A. I founded The Agile Organisation over 10 years ago having previously managed both Workstyle 2000 and the UK Agile Working Programmes for BT plc. In the last 2 decades agile working has been increasingly in focus as a “must do” business concept . We have helped a number of organisations as diverse as LSEG and BNP Paribas to Gartner, The Open University, North Yorkshire Police and Crohns & Colitis UK.

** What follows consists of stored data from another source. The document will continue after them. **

(* The axiom system $APAL_{int}$ is complete with respect to the class of all topo-models: for every formula $\varphi\in\mathcal{L}_{APAL_{int}}$, if $\varphi$ is valid in every topo-model, then $\varphi$ is a theorem of $APAL_{int}$.
   Context: Fix a countable set $\mathit{Prop}$ of propositional variables and a finite non-empty set $\mathcal{A}$ of agents. $\mathcal{L}_{APAL_{int}}$: $\varphi ::= p \mid \neg\varphi \mid \varphi\wedge\varphi \mid K_i\varphi \mid \mathrm{int}(\varphi)\mid [\varphi]\varphi\mid\Box\varphi$; $\mathcal{L}_{PAL_{int}}$ is its $\Box$-free fragment; $\bot:=p\wedge\neg p$, other connectives are abbreviations. Topo-models: $(X,\tau)$ a topological space with interior operator $\mathrm{Int}$. A neighbourhood function set $\Phi$ is a set of partial functions $\theta$ from $X$ to functions $\mathcal{A}\to\tau$ such that for all $x,y\in Dom(\theta)$, $i\in\mathcal{A}$, $U\in\tau$: (1) $\theta(x)(i)\in\tau$; (2) $x\in\theta(x)(i)$; (3) $\theta(x)(i)\subseteq Dom(\theta)$; (4) $y\in\theta(x)(i)$ implies $\theta(x)(i)=\theta(y)(i)$; (5) $\theta|_U\in\Phi$, where $Dom(\theta|_U)=Dom(\theta)\cap U$, $\theta|_U(x)(i)=\theta(x)(i)\cap U$. A topo-model is $(X,\tau,\Phi,V)$ with $V(p)\subseteq X$. Neighbourhood situations are $(x,\theta)$, $\theta\in\Phi$, $x\in Dom(\theta)$. Semantics: $(x,\theta)\models p$ iff $x\in V(p)$; Booleans usual; $(x,\theta)\models K_i\varphi$ iff $(y,\theta)\models\varphi$ for all $y\in\theta(x)(i)$; $(x,\theta)\models\mathrm{int}(\varphi)$ iff $x\in\mathrm{Int}([\![\varphi]\!]^\theta)$ with $[\![\varphi]\!]^\theta=\{y\in Dom(\theta)\mid(y,\theta)\models\varphi\}$; $(x,\theta)\models[\varphi]\psi$ iff $(x,\theta)\models\mathrm{int}(\varphi)$ implies $(x,\theta^\varphi)\models\psi$, with $\theta^\varphi=\theta|_{\mathrm{Int}([\![\varphi]\!]^\theta)}$; $(x,\theta)\models\Box\varphi$ iff $(x,\theta)\models[\psi]\varphi$ for all $\psi\in\mathcal{L}_{PAL_{int}}$. Validity = truth at all neighbourhood situations. Necessity forms: $\xi(\sharp)::=\sharp\mid\varphi\to\xi(\sharp)\mid K_i\xi(\sharp)\mid\mathrm{int}(\xi(\sharp))\mid[\varphi]\xi(\sharp)$; $\xi(\varphi)$ replaces the unique $\sharp$ by $\varphi$. $APAL_{int}$: axioms: propositional tautologies; $K_i(\varphi\to\psi)\to(K_i\varphi\to K_i\psi)$; $K_i\varphi\to\varphi$; $K_i\varphi\to K_iK_i\varphi$; $\neg K_i\varphi\to K_i\neg K_i\varphi$; $\mathrm{int}(\varphi\to\psi)\to(\mathrm{int}(\varphi)\to\mathrm{int}(\psi))$; $\mathrm{int}(\varphi)\to\varphi$; $\mathrm{int}(\varphi)\to\mathrm{int}(\mathrm{int}(\varphi))$; $K_i\varphi\to\mathrm{int}(\varphi)$; (R1) $[\varphi]p\leftrightarrow(\mathrm{int}(\varphi)\to p)$; (R2) $[\varphi]\neg\psi\leftrightarrow(\mathrm{int}(\varphi)\to\neg[\varphi]\psi)$; (R3) $[\varphi](\psi\wedge\chi)\leftrightarrow[\varphi]\psi\wedge[\varphi]\chi$; (R4) $[\varphi]\mathrm{int}(\psi)\leftrightarrow(\mathrm{int}(\varphi)\to\mathrm{int}([\varphi]\psi))$; (R5) $[\varphi]K_i\psi\leftrightarrow(\mathrm{int}(\varphi)\to K_i[\varphi]\psi)$; (R6) $[\varphi][\psi]\chi\leftrightarrow[\neg[\varphi]\neg\mathrm{int}(\psi)]\chi$; (R7) $\Box\varphi\to[\chi]\varphi$ for $\chi\in\mathcal{L}_{PAL_{int}}$. Rules: modus ponens; from $\varphi$ infer $K_i\varphi$; from $\varphi$ infer $\mathrm{int}(\varphi)$; from $\varphi$ infer $[\psi]\varphi$; (DR5) from $\xi([\psi]\chi)$ for all $\psi\in\mathcal{L}_{PAL_{int}}$ infer $\xi(\Box\chi)$. Theorems: smallest set containing the axioms and closed under the rules. *)

From mathcomp Require Import all_boot.
From mathcomp Require Import boolp classical_sets topology.

Set Implicit Arguments.
Unset Strict Implicit.
Unset Printing Implicit Defensive.
Local Open Scope classical_set_scope.

Section Syntax.
Variable A : Type.

Inductive form : Type :=
| Var  : nat -> form
| Neg  : form -> form
| And  : form -> form -> form
| K    : A -> form -> form
| Int  : form -> form
| Ann  : form -> form -> form
| Box  : form -> form.

Fixpoint pal (f : form) : bool :=
  match f with
  | Var _ => true
  | Neg a => pal a
  | And a b => pal a && pal b
  | K _ a => pal a
  | Int a => pal a
  | Ann a b => pal a && pal b
  | Box _ => false
  end.

Definition Imp (a b : form) : form := Neg (And a (Neg b)).
Definition Iff (a b : form) : form := And (Imp a b) (Imp b a).

(* Propositional tautologies: formulas true under every Boolean valuation
   that treats all non-Boolean subformulas (variables, K_i, int, [.], Box)
   as atoms. *)
Fixpoint peval (v : form -> bool) (f : form) : bool :=
  match f with
  | Neg a => ~~ peval v a
  | And a b => peval v a && peval v b
  | _ => v f
  end.
Definition taut (f : form) : Prop := forall v, peval v f = true.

While every organisation aspires to be agile, it is not always easy to define and because every organisation is unique what it means to be agile requires an individual journey…
MOTIVATION & FUTURE
The main motivations for organisations seeking to implement agile working is foremost becoming both more efficient and more effective – improving performance in terms of costs, outputs and value for staff and customer outcomes. This may be cost savings from new ways of working such as reduced space or getting better return from investments in new workplaces and technology; better performance through more empowered employees; retention of staff and attraction of wider talent pool through agile culture; as well as the resilience that work@home has brought to keeping organisations operating during the current crisis.
Agile working has been around for over 3 decades and although some organisation have been slow to move from traditional ways of working there is now clear demand from staff and the senior team alike to take advantage of the capability and opportunities new technology has brought.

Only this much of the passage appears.